Nein. Die Europäische Bankenaufsicht muss noch die technischen Standards ausarbeiten, die Kommunikation zwischen Bank, Kunde und Dienstleistern sicher machen sollen. Diskutiert wird unter anderem noch über eine Technik zum Auslesen von Informationen aus Internetseiten, das sogenannte Screen Scraping. Bis Ende des Jahres soll feststehen, wie die einheitliche Schnittstelle ausgestaltet wird, über die Drittdienstleister auf Bankkonten zugreifen, schreibt Bettina Schönfeld vom Bankenverband. Auch wenn PSD 2 Mitte Januar in Kraft tritt – bis der Kontozugang für Dienstleister einheitlich umgesetzt ist, könnte es demnach bis zum Sommer 2019 dauern.
 

Update 29.11.2017: Europäische Kommission veröffentlicht technische Standards
Die Europäische Kommission hat inzwischen die technischen Regulierungsstandards zu PSD2 veröffentlicht und geht damit auf die Bedenken der Banken ein.
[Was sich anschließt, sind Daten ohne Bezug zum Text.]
(* Uniform bound on the partial integrals: [int_0^b C e^(-t) dt <= C]. *)
Lemma kernel_partial_bound (nu z b : R) :
  0 < z -> 0 <= nu -> 0 <= b ->
  RInt (kernel nu z) 0 b <= exp (2 * (nu + 1) * (nu + 1) / z).
Proof.
  intros Hz Hnu Hb.
  set (C := exp (2 * (nu + 1) * (nu + 1) / z)).
  assert (HC : 0 < C) by apply exp_pos.
  assert (Hcont : forall t, continuous (fun t => C * exp (- t)) t).
  { intros t. apply continuous_of_ex_derive. auto_derive. auto. }
  apply Rle_trans with (RInt (fun t => C * exp (- t)) 0 b).
  { apply RInt_le; auto using ex_RInt_kernel, ex_RInt_of_continuous.
    intros; apply kernel_exp_bound; lra. }
  assert (Hint : is_RInt (fun t => C * exp (- t)) 0 b
                   (minus (- C * exp (- b)) (- C * exp (- 0)))).
  { apply (is_RInt_derive (V := R_CompleteNormedModule) (fun t => - C * exp (- t))); auto.
    intros. auto_derive; [auto | ring]. }
  rewrite (is_RInt_unique (V := R_CompleteNormedModule) _ _ _ _ Hint).
  unfold minus, plus, opp; simpl. rewrite Ropp_0, exp_0.
  generalize (exp_pos (- b)). nra.
Qed.

Lemma is_lim_besselK_partial (nu z : R) :
  0 < z -> 0 <= nu -> is_lim (fun b => RInt (kernel nu z) 0 b) p_infty (besselK nu z).
Proof.
  intros Hz Hnu. apply (is_lim_partial_nonneg _ (exp (2 * (nu + 1) * (nu + 1) / z))).
  - apply ex_RInt_kernel.
  - intros; apply kernel_nonneg.
  - intros; apply kernel_partial_bound; auto.
Qed.

Lemma besselK_le_order (mu nu z : R) : 0 < z -> 0 <= mu <= nu -> besselK mu z <= besselK nu z.
Proof.
  intros Hz Hmu.
  change (Rbar_le (besselK mu z) (besselK nu z)).
  apply (is_lim_le_loc (fun b => RInt (kernel mu z) 0 b) (fun b => RInt (kernel nu z) 0 b) p_infty).
  - exists 0. intros b Hb. apply RInt_le; [lra | apply ex_RInt_kernel | apply ex_RInt_kernel |].
    intros t Ht. apply kernel_le_order; lra.
  - apply is_lim_besselK_partial; lra.
  - apply is_lim_besselK_partial; lra.
Qed.

Lemma cosh_half_angle (t : R) : cosh t = 1 + 2 * (sinh (1/2 * t) * sinh (1/2 * t)).
Proof.
  unfold cosh, sinh.
  assert (E1 : exp t = exp (1/2 * t) * exp (1/2 * t)) by (rewrite <- exp_plus; f_equal; lra).
  assert (E2 : exp (- t) = exp (- (1/2 * t)) * exp (- (1/2 * t))) by (rewrite <- exp_plus; f_equal; lra).
  assert (E3 : exp (1/2 * t) * exp (- (1/2 * t)) = 1)
    by (rewrite <- exp_plus; replace (1/2 * t + - (1/2 * t)) with 0 by lra; apply exp_0).
  rewrite E1, E2. nra.
Qed.

(* An antiderivative of the order-1/2 kernel, obtained by the substitution
   [u = sqrt(2z) sinh(t/2)], which turns [exp(-z cosh t) cosh(t/2) dt] into
   [exp(-z) (2 / sqrt(2z)) exp(-u^2) du]. *)
Definition half_antiderivative (z t : R) : R :=
  exp (- z) * (2 / sqrt (2 * z)) * gauss_int (sqrt (2 * z) * sinh (1/2 * t)).

Lemma is_derive_half_antiderivative (z t : R) :
  0 < z -> is_derive (half_antiderivative z) t (kernel (1/2) z t).
Proof.
  intros Hz.
  set (s := sqrt (2 * z)).
  assert (Hs : 0 < s) by (apply sqrt_lt_R0; lra).
  assert (Hs2 : s * s = 2 * z) by (apply sqrt_sqrt; lra).
  assert (Hinner : is_derive (fun t => s * sinh (1/2 * t)) t (s * cosh (1/2 * t) / 2)).
  { unfold sinh, cosh. auto_derive; [auto | field]. }
  assert (Hcomp := is_derive_comp gauss_int _ t _ _ (is_derive_gauss_int _) Hinner).
  assert (H := is_derive_scal _ t (exp (- z) * (2 / s)) _ Hcomp).
  unfold scal in H; simpl in H; unfold mult in H; simpl in H.
  unfold half_antiderivative. fold s.
  replace (kernel (1/2) z t)
    with (exp (- z) * (2 / s) * (s * cosh (1/2 * t) / 2 * gauss (s * sinh (1/2 * t)))).
  { exact H. }
  unfold kernel, gauss. rewrite (cosh_half_angle t).
  replace (- ((s * sinh (1/2 * t)) * (s * sinh (1/2 * t))))
    with (- (2 * z) * (sinh (1/2 * t) * sinh (1/2 * t))) by (rewrite <- Hs2; ring).
  replace (- z * (1 + 2 * (sinh (1/2 * t) * sinh (1/2 * t))))
    with (- z + - (2 * z) * (sinh (1/2 * t) * sinh (1/2 * t))) by ring.
  rewrite exp_plus. field. lra.
Qed.

Lemma half_antiderivative_0 (z : R) : half_antiderivative z 0 = 0.
Proof.
  unfold half_antiderivative. replace (1/2 * 0) with 0 by ring.
  rewrite sinh_0, Rmult_0_r.
  replace (gauss_int 0) with 0 by (symmetry; apply (RInt_point (V := R_CompleteNormedModule))).
  ring.
Qed.

Lemma half_partial_integral (z b : R) :
  0 < z -> RInt (kernel (1/2) z) 0 b = half_antiderivative z b.
Proof.
  intros Hz. apply (is_RInt_unique (V := R_CompleteNormedModule)).
  replace (half_antiderivative z b)
    with (minus (half_antiderivative z b) (half_antiderivative z 0))
    by (rewrite half_antiderivative_0; unfold minus, plus, opp; simpl; ring).
  apply (is_RInt_derive (V := R_CompleteNormedModule)).
  - intros; apply is_derive_half_antiderivative, Hz.
  - intros; apply kernel_continuous.
Qed.

(* [s sinh(t/2) -> +oo], using that [sinh] is increasing with inverse [arcsinh]. *)
Lemma is_lim_scaled_sinh (s : R) : 0 < s -> is_lim (fun t => s * sinh (1/2 * t)) p_infty p_infty.
Proof.
  intros Hs. apply is_lim_spec. intros M. exists (2 * arcsinh (M / s)). intros t Ht.
  assert (Hlt : sinh (arcsinh (M / s)) < sinh (1/2 * t)) by (apply sinh_lt; lra).
  rewrite sinh_arcsinh in Hlt.
  apply Rmult_lt_compat_l with (r := s) in Hlt; [|exact Hs].
  replace (s * (M / s)) with M in Hlt by (field; lra). exact Hlt.
Qed.

Lemma is_lim_half_antiderivative (z : R) :
  0 < z -> is_lim (half_antiderivative z) p_infty (exp (- z) * sqrt (PI / (2 * z))).
Proof.
  intros Hz.
  assert (Hs : 0 < sqrt (2 * z)) by (apply sqrt_lt_R0; lra).
  replace (Finite (exp (- z) * sqrt (PI / (2 * z))))
    with (Rbar_mult (exp (- z) * (2 / sqrt (2 * z))) half_sqrt_pi).
  - apply is_lim_scal_l.
    apply (is_lim_comp gauss_int _ p_infty half_sqrt_pi p_infty).
    + apply is_lim_gauss_int.
    + apply is_lim_scaled_sinh, Hs.
    + exists 0. intros; discriminate.
  - simpl. f_equal. unfold half_sqrt_pi. rewrite sqrt_div_alt by lra. field. lra.
Qed.

Lemma besselK_half (z : R) : 0 < z -> besselK (1/2) z = exp (- z) * sqrt (PI / (2 * z)).
Proof.
  intros Hz. rewrite besselK_kernel.
  apply (RInt_gen_of_partial (kernel (1/2) z)); [intros; apply ex_RInt_kernel |].
  apply (is_lim_ext (half_antiderivative z)).
  - intros b. symmetry. apply half_partial_integral, Hz.
  - apply is_lim_half_antiderivative, Hz.
Qed.

Lemma xexp_le (a b : R) : 0 <= a <= b -> a * exp a <= b * exp b.
Proof.
  intros Hab. apply Rmult_le_compat; try lra.
  - apply Rlt_le, exp_pos.
  - apply exp_le; lra.
Qed.

(* A two-term asymptotic lower approximation of the Lambert function: for
   [x >= e] and [L = ln x], the point [w = L - ln L + ln L / (2L)] satisfies
   [w e^w <= x].  Writing [a = ln L / L], one has [w e^w = x (w/L) e^(a/2)]
   and [w/L = 1 - a + a/(2L) <= 1 - a/2 <= e^(-a/2)]. *)
Lemma lambert_lower (x : R) :
  exp 1 <= x ->
  let w := ln x - ln (ln x) + / 2 * (ln (ln x) / ln x) in w * exp w <= x.
Proof.
  intros Hx w.
  assert (Hxpos : 0 < x) by (generalize (exp_pos 1); lra).
  set (L := ln x) in *. set (lL := ln L) in *.
  assert (HL : 1 <= L).
  { unfold L. rewrite <- (ln_exp 1). destruct (Req_dec (exp 1) x) as [->|Hne]; [lra|].
    apply Rlt_le, ln_increasing; [apply exp_pos | lra]. }
  assert (HlL : 0 <= lL).
  { unfold lL. rewrite <- ln_1. destruct (Req_dec 1 L) as [<-|Hne]; [lra|].
    apply Rlt_le, ln_increasing; lra. }
  set (a := lL / L).
  assert (Ha : 0 <= a) by (unfold a; apply Rmult_le_pos; [lra | apply Rlt_le, Rinv_0_lt_compat; lra]).
  assert (Hexpw : exp w = x * / L * exp (a / 2)).
  { unfold w. replace (/ 2 * (lL / L)) with (a / 2) by (unfold a; field; lra).
    unfold Rminus. rewrite !exp_plus, exp_Ropp.
    unfold L at 1, lL. rewrite !exp_ln by lra. reflexivity. }
  assert (Hratio : w / L <= exp (- (a / 2))).
  { replace (w / L) with (1 - a + a / (2 * L)) by (unfold w, a; field; lra).
    assert (a / (2 * L) <= a / 2).
    { unfold Rdiv. apply Rmult_le_compat_l; [lra | apply Rinv_le_contravar; lra]. }
    generalize (exp_ineq1_le (- (a / 2))). lra. }
  rewrite Hexpw.
  replace (w * (x * / L * exp (a / 2))) with (x * ((w / L) * exp (a / 2))) by (field; lra).
  rewrite <- (Rmult_1_r x) at 2. apply Rmult_le_compat_l; [lra|].
  replace 1 with (exp (- (a / 2)) * exp (a / 2))
    by (rewrite <- exp_plus; replace (- (a / 2) + a / 2) with 0 by ring; apply exp_0).
  apply Rmult_le_compat_r; [apply Rlt_le, exp_pos | exact Hratio].
Qed.

Lemma scale_ge_e (B : R) : 0 < B -> B <= sqrt (PI / exp 1) -> exp 1 <= PI / B ^ 2.
Proof.
  intros HB HBs.
  assert (HPI := PI_RGT_0). assert (He := exp_pos 1).
  assert (HB2 : B * B <= PI / exp 1).
  { rewrite <- (sqrt_sqrt (PI / exp 1)) by (apply Rlt_le, Rdiv_lt_0_compat; lra). nra. }
  apply Rmult_le_reg_r with (B * B); [nra|].
  replace (PI / B ^ 2 * (B * B)) with PI by (field; lra).
  apply Rmult_le_reg_r with (/ exp 1); [apply Rinv_0_lt_compat; lra|].
  replace (exp 1 * (B * B) * / exp 1) with (B * B) by (field; lra). exact HB2.
Qed.

(* [K_{1/2}(z)^2 = PI / (2z e^(2z))], so [K_{1/2}(z) >= B] as soon as [2z e^(2z) <= PI / B^2]. *)
Lemma half_closed_form_ge (B z : R) :
  0 < B -> 0 < z -> 2 * z * exp (2 * z) <= PI / B ^ 2 -> B <= exp (- z) * sqrt (PI / (2 * z)).
Proof.
  intros HB Hz Hw.
  assert (HPI := PI_RGT_0).
  set (K := exp (- z) * sqrt (PI / (2 * z))).
  assert (HK : 0 < K) by (apply Rmult_lt_0_compat; [apply exp_pos | apply sqrt_lt_R0, Rdiv_lt_0_compat; lra]).
  assert (Hden : 0 < 2 * z * exp (2 * z)) by (generalize (exp_pos (2 * z)); nra).
  assert (HKsq : K * K * (2 * z * exp (2 * z)) = PI).
  { unfold K.
    replace (exp (- z) * sqrt (PI / (2 * z)) * (exp (- z) * sqrt (PI / (2 * z))) * (2 * z * exp (2 * z)))
      with ((exp (- z) * exp (- z) * exp (2 * z)) * (sqrt (PI / (2 * z)) * sqrt (PI / (2 * z))) * (2 * z)) by ring.
    rewrite sqrt_sqrt by (apply Rlt_le, Rdiv_lt_0_compat; lra).
    rewrite <- !exp_plus. replace (- z + - z + 2 * z) with 0 by ring. rewrite exp_0. field. lra. }
  assert (HBsq : B * B * (2 * z * exp (2 * z)) <= PI).
  { apply Rmult_le_reg_r with (/ (B * B)); [apply Rinv_0_lt_compat; nra|].
    replace (B * B * (2 * z * exp (2 * z)) * / (B * B)) with (2 * z * exp (2 * z)) by (field; lra).
    replace (PI * / (B * B)) with (PI / B ^ 2) by (field; lra). exact Hw. }
  assert (B * B <= K * K) by (apply Rmult_le_reg_r with (2 * z * exp (2 * z)); lra).
  nra.
Qed.
Definition A4 : Prop :=
  [/\ convex_fun2 (ell P), convex_fun (Vf P),
      (forall z v, 0 <= ell P z v) /\ (forall z, 0 <= Vf P z),
      (ell P 0 0 = 0 /\ Vf P 0 = 0) /\
      (forall z, Zf P z -> ell P z (Kpred P *m z) = 0 /\ Vf P z = 0)
    & exists2 p : R, 1 <= p &
      [/\ exists2 c : R, 0 < c & forall z v, Zset z -> ~ Zf P z ->
              c * setdist p (Zf P) z <= ell P z v,
          exists2 c' : R, 0 < c' & forall Z v, is_polytope Z -> Z !=set0 ->
              Z `<=` Zset `\` Zf P -> forall zt, Z zt ->
              ((c' * setdist p (Zf P) zt)%:E <=
                 ereal_sup [set (ell P z (v + Kpred P *m z))%:E | z in Z])%E
        & forall Z, is_polytope Z -> Z !=set0 -> Z `<=` Zf P ->
              ereal_sup [set (ell P z (Kpred P *m z))%:E | z in Z] = 0%E /\
              ereal_sup [set (Vf P z)%:E | z in Z] = 0%E]].

End Problem.

From Pilot Require Import Defs.
From HB Require Import structures.
From mathcomp Require Import all_boot all_order all_algebra.
From mathcomp Require Import all_classical all_reals all_analysis.
From mathcomp Require Import zify.
Set Implicit Arguments. Unset Strict Implicit. Unset Printing Implicit Defensive.
Import Order.TTheory GRing.Theory Num.Theory.
Local Open Scope classical_set_scope.
Local Open Scope ring_scope.

(* Take any feasible plan for horizon N_p and append one stage: at stage N_p
   every scenario keeps its terminal tube and uses the feed-forward input 0
   (so the feedback K_f acts alone), and the new terminal tube is the
   successor of the old one provided by (A3).  The plan stays feasible for
   horizon N_p + 1.  All tubes involved lie in Z_f, where both
   ell(z, K_f z) and V_f vanish: the new stage-N_p cost equals the old
   terminal cost and the new terminal cost is nonpositive.  So every cost
   attainable with horizon N_p is attainable, or beaten, with N_p + 1.
   Only the terminal ingredients of (A3) and (A4) are needed. *)

Section HorizonExtension.
Variables (R : realType) (n m np nw : nat) (P : mpc_data R n m np nw).
Local Notation decision := (decision R n m np nw).
Local Notation scenario := ((Nr P).-tuple (Realiz np nw)).

Definition node_cost (d : decision) : R :=
  \sum_(k < Nr P) \sum_(s : k.-tuple (Realiz np nw))
     nodew P s * ell P (zn d s) (vn d s).

Definition tube_cost (d : decision) (k : nat) : \bar R :=
  ereal_sup [set (\sum_(j : scenario)
                    tubew P k * ell P (zt j) (vtube d (tval j) k + Kpred P *m zt j))%:E
            | zt in [set zt : scenario -> 'cV[R]_n |
                       forall j, Ztube d (tval j) k (zt j)]].
(* An R-graph: nodes V (including the destination dst), parent relation
   par i j  <->  j \in P_i  (edge j -> i), ingress points M, ingress map
   ing (meaningful for children of dst), parent-selection probabilities p. *)
Record Rgraph (R : realFieldType) := RGraph {
  node : finType;
  ingress : finType;
  dst : node;
  par : rel node;
  ing : node -> ingress;
  p : node -> node -> R;
  par_acyclic : forall i j, par i j -> ~~ connect par j i;
  dst_root : forall j, ~~ par dst j;
  p_ge0 : forall i j, par i j -> 0 <= p i j;
  p_sum1 : forall i, i != dst -> \sum_(j | par i j) p i j = 1
}.

Section Defs.
Variable R : realFieldType.
Variable G : Rgraph R.

Local Notation V := (node G).
Local Notation M := (ingress G).

(* A parent selection: sigma i is the parent selected by node i. *)
Definition selection := {ffun V -> V}.

Definition wsel (s : selection) : R :=
  \prod_(i | i != @dst R G) (if @par R G i (s i) then @p R G i (s i) else 0).

(* follow selected parents until reaching a node whose selected parent is dst *)
Definition step (s : selection) (i : V) : V :=
  if (i == @dst R G) || (s i == @dst R G) then i else s i.

Definition route (s : selection) (i : V) : M :=
  @ing R G (iter #|V| (step s) i).

Definition Pr (E : pred selection) : R := \sum_(s | E s) wsel s.

Definition ev (X : {set V}) (x : {ffun {i : V | i \in X} -> M}) : pred selection :=
  fun s => [forall k, route s (val k) == x k].

Definition NC (X : {set V}) (x : {ffun {i : V | i \in X} -> M}) : nat :=
  #|[set i : V | (i != @dst R G) &&
      [exists m : M,
         Pr (fun s => ev x s && (route s i == m)) / Pr (ev x) == 1]]|.

Definition F (X : {set V}) : R :=
  \sum_(x : {ffun {i : V | i \in X} -> M}) (NC x)%:R * Pr (ev x).

Definition NR : {set V} := [set~ @dst R G].

End Defs.
Theorem mainTheorem1 (R : realType) (eps : R) (heps0 : 0 < eps) :
  exists c : R, 0 < c /\
  forall (d lambda0 N0 : nat), (0 < d)%N -> (0 < lambda0)%N ->
    eps < 1 / (lambda0%:R + 1) ->
  forall k : nat, (0 < k)%N -> c * ln (d%:R : R) <= k%:R ->
  exists lambda1 : nat,
  forall lambda : nat, (lambda1 <= lambda)%N ->
  forall D : seq 'rV[R]_d,
    uniq D -> size D = d ->
    (forall x, x \in D ->
       in_scaled_lattice (lambda%:R / lambda0%:R) x /\
       in_ball (lambda%:R * N0%:R) x) ->
  exists F : 'rV[R]_d -> 'rV[R]_k,
    (forall x, x \in D -> in_scaled_lattice (1 / lambda0%:R) (F x)) /\
    (forall x y, x \in D -> y \in D ->
       (1 - eps - eps / (lambda%:R * lambda0%:R)) * enorm (x - y)
         <= enorm (F x - F y) /\
       enorm (F x - F y)
         <= (1 + eps + eps / (lambda%:R * lambda0%:R)) * enorm (x - y)).
Proof.
have e_gt0 : 0 < eps / 2 by rewrite divr_gt0.
exists (4 * 8192 / (eps / 2) ^+ 2); split; first by apply: divr_gt0; [lra | rewrite exprn_gt0].
move=> d l0 N0 d_gt0 l0_gt0 eps_lt k k_gt0 k_ge.
have e_le : eps / 2 <= 1 / 4.
  suff : eps < 1 / 2 by lra.
  apply: lt_le_trans eps_lt _.
  have l0_ge1 : (1 : R) <= l0%:R by rewrite ler1n.
  by rewrite ler_pdivrMr; lra.
exists (Num.truncn (4 * k%:R / (eps / 2) ^+ 2)).+1 => l l_ge D _ size_D D_in.
have l_gt : 4 * k%:R / (eps / 2) ^+ 2 < l%:R.
  by apply: lt_le_trans (truncnS_gt _) _; rewrite ler_nat.
have D_gt0 : (0 < size D)%N by rewrite size_D.
have k_ge' : 4 * 8192 / (eps / 2) ^+ 2 * ln (size D)%:R <= k%:R by rewrite size_D.
have D_lattice : {in D, forall x, in_scaled_lattice (l%:R / l0%:R) x} by move=> x /D_in[].
have [F [F_lattice F_dist]] := lattice_embedding e_gt0 e_le l0_gt0 k_gt0 D_gt0 k_ge' l_gt D_lattice.
exists F; split => [|x y xD yD]; first exact: F_lattice.
have /andP[lo hi] := F_dist x y xD yD.
have : 0 <= eps / (l%:R * l0%:R) * enorm (x - y).
  by rewrite !mulr_ge0 ?invr_ge0 ?mulr_ge0 ?ler0n ?sqrtr_ge0 ?ltW.
by split; [apply: le_trans lo | apply: le_trans hi _]; nra.
Qed.
(* For an additive endomorphism A, ker A^a and ker (A - 1)^b meet trivially
   (the polynomials X^a and (X - 1)^b are coprime). *)
Lemma iter_kernels_coprime (V : zmodType) (A : V -> V) :
  (forall x y, A (x - y) = A x - A y) ->
  forall a b w, iter a A w = 0 -> iter b (fun v => A v - v) w = 0 -> w = 0.
Proof.
move=> AB; set S := fun v => A v - v.
have A0 : A 0 = 0 by move: (AB 0 0); rewrite !subrr.
have S0 : S 0 = 0 by rewrite /S A0 subrr.
have AS y : A (S y) = S (A y) by rewrite /S AB.
elim=> [|a IHa] b w; first by move=> /= ->.
elim: b w => [|b IHb] w; first by move=> _ /= ->.
move=> Haw Hbw.
have Aw : A w = 0.
  apply: (IHa b.+1); first by rewrite -iterSr.
  by rewrite (iter_comm _ _ (fun y => esym (AS y))) Hbw A0.
have Sw : S w = 0.
  apply: IHb; last by rewrite -iterSr.
  by rewrite (iter_comm _ _ AS) Haw S0.
by move: Sw; rewrite /S Aw sub0r => /eqP; rewrite oppr_eq0 => /eqP.
Qed.

Section Triangular.
Variables (R : comNzRingType) (n : nat).

Definition strictly_upper (A : 'M[R]_n) : Prop :=
  forall i j : 'I_n, (j <= i)%N -> A i j = 0.
Definition strictly_lower (A : 'M[R]_n) : Prop :=
  forall i j : 'I_n, (i <= j)%N -> A i j = 0.

Lemma strictly_upper_tr (A : 'M[R]_n) : strictly_upper A^T <-> strictly_lower A.
Proof. by split=> HA i j ij; [have := HA j i ij | ]; rewrite mxE // HA. Qed.
Lemma D2_in_gA g alpha beta : g %| h -> g %| h^`() -> A alpha -> A beta ->
  exists2 a, A a & D2 h alpha beta = m (P g) a.
Proof.
move=> g_h g_h' Aalpha Abeta; have [a Aa Ea] := D2_hA Aalpha Abeta.
exists (m (P (h %/ g)) a - m (P (h^`() %/ g)) alpha).
  by apply: inAB; apply: inA_wpolyM.
by rewrite wmulBr -!wmul_wpoly_dvd // -Ea addrK.
Qed.

Definition in_adx w := exists2 b, A b & wcomm b (wx F) = w.

Lemma adx0 : in_adx 0.
Proof. by exists 0; [exact: inA0 | rewrite /wcomm wmul0l wmul0r subrr]. Qed.

Lemma adxD w1 w2 : in_adx w1 -> in_adx w2 -> in_adx (w1 + w2).
Proof.
by move=> [b1 A1 <-] [b2 A2 <-]; exists (b1 + b2); rewrite ?wcommDl //; exact: inA_add.
Qed.

Lemma adxN w : in_adx w -> in_adx (- w).
Proof.
move=> [b Ab <-]; exists (- b); first exact: inAN.
by rewrite /wcomm wmulNl wmulNr opprB opprK addrC.
Qed.

Lemma adxB w1 w2 : in_adx w1 -> in_adx w2 -> in_adx (w1 - w2).
Proof. by move=> H1 H2; apply: adxD H1 (adxN H2). Qed.

Lemma adx_wpolyM f w : in_adx w -> in_adx (m (P f) w).
Proof.
move=> [b Ab <-]; exists (m (P f) b); first exact: inA_wpolyM.
by rewrite wcommMl wcomm_wpoly wmul0l addr0.
Qed.

Definition yhatn k := iter k (m yh) (wone F).

Lemma inA_yhatn k : A (yhatn k).
Proof. by elim: k => [|k IH]; [exact: inA_one | exact: inA_mul (inA_yhat h) IH]. Qed.

Inductive inA_lt (n : nat) : weyl F -> Prop :=
  | inA_lt0 : inA_lt n 0
  | inA_ltM f k : (k < n)%N -> inA_lt n (m (P f) (yhatn k))
  | inA_ltD a b : inA_lt n a -> inA_lt n b -> inA_lt n (a + b).

Lemma inA_lt_widen n n' w : (n <= n')%N -> inA_lt n w -> inA_lt n' w.
Proof.
move=> le_n_n'; elim=> [|f k lt_k_n|a b _ IHa _ IHb]; first exact: inA_lt0.
  by apply: inA_ltM; apply: leq_trans le_n_n'.
exact: inA_ltD.
Qed.

Lemma inA_lt_wpolyM n f w : inA_lt n w -> inA_lt n (m (P f) w).
Proof.
elim=> [|g k lt_k_n|a b _ IHa _ IHb]; first by rewrite wmul0r; exact: inA_lt0.
  by rewrite -wmulA wmul_wpoly; exact: inA_ltM.
by rewrite wmulDr; exact: inA_ltD.
Qed.

Lemma inA_ltMn n k w : inA_lt n w -> inA_lt n (w *+ k).
Proof.
by move=> Hw; elim: k => [|k IH]; [exact: inA_lt0 | rewrite mulrS; exact: inA_ltD].
Qed.

Lemma inA_lt_yhatM n w : inA_lt n w -> inA_lt n.+1 (m yh w).
Proof.
elim=> [|g k lt_k_n|a b _ IHa _ IHb]; first by rewrite wmul0r; exact: inA_lt0.
  rewrite -wmulA yhat_wpoly wmulDl wmul_wpoly wmulA; apply: inA_ltD.
    exact: (@inA_ltM _ g k.+1).
  by apply: inA_ltM; apply: ltn_trans lt_k_n _.
by rewrite wmulDr; exact: inA_ltD.
Qed.

Lemma inA_lt_mull b n w : A b -> inA_lt n w -> exists n', inA_lt n' (m b w).
Proof.
move=> Ab; elim: Ab n w => {b} [|||c b _ IH|b1 b2 _ IH1 _ IH2|b1 b2 _ IH1 _ IH2] n w Hw.
- by exists n; rewrite wmul1l.
- by exists n; apply: inA_lt_wpolyM.
- by exists n.+1; apply: inA_lt_yhatM.
- by have [n1 H] := IH n w Hw; exists n1; rewrite wmulA; apply: inA_lt_wpolyM.
- have [n1 H1] := IH1 n w Hw; have [n2 H2] := IH2 n w Hw.
  exists (maxn n1 n2); rewrite wmulDl; apply: inA_ltD.
    by apply: inA_lt_widen H1; apply: leq_maxl.
  by apply: inA_lt_widen H2; apply: leq_maxr.
- have [n2 H2] := IH2 n w Hw; have [n1 H1] := IH1 n2 _ H2.
  by exists n1; rewrite wmulA.
Qed.

Lemma inA_lt_exists a : A a -> exists n, inA_lt n a.
Proof.
move=> Aa; have one_lt1 : inA_lt 1 (wone F).
  by have := @inA_ltM 1 1 0 (ltnSn 0); rewrite wmul1l.
by have [n Hn] := inA_lt_mull Aa one_lt1; exists n; rewrite wmul1r in Hn.
Qed.

Lemma wcomm_yhat_x : wcomm yh (wx F) = P h.
Proof. by rewrite /wx wcomm_yhat_wpoly derivX mulr1. Qed.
So soll das Auslesen der Informationen über das Online-Banking-Interface, das sogenannte Screen Scraping, künftig nur noch in Ausnahmefällen möglich sein. Standardmäßig müsse der Zugriff auf das Konto über eine Schnittstelle erfolgen. Nur, wenn die Bank keine zur Verfügung stellt oder diese vorübergehend blockiert sei, dürften die Drittanbieter auch weiterhin auf Screen Scraping zurückgreifen. Für die Banken bedeutet das mehr Kontrolle über die externen Zugriffe Dritter als bislang gedacht. Die Deutsche Kreditwirtschaft begrüßt diese Einschränkung. Sie bedeute mehr Sicherheit und sei daher „im Sinne des Kunden“, heißt es in einer Pressemittelung.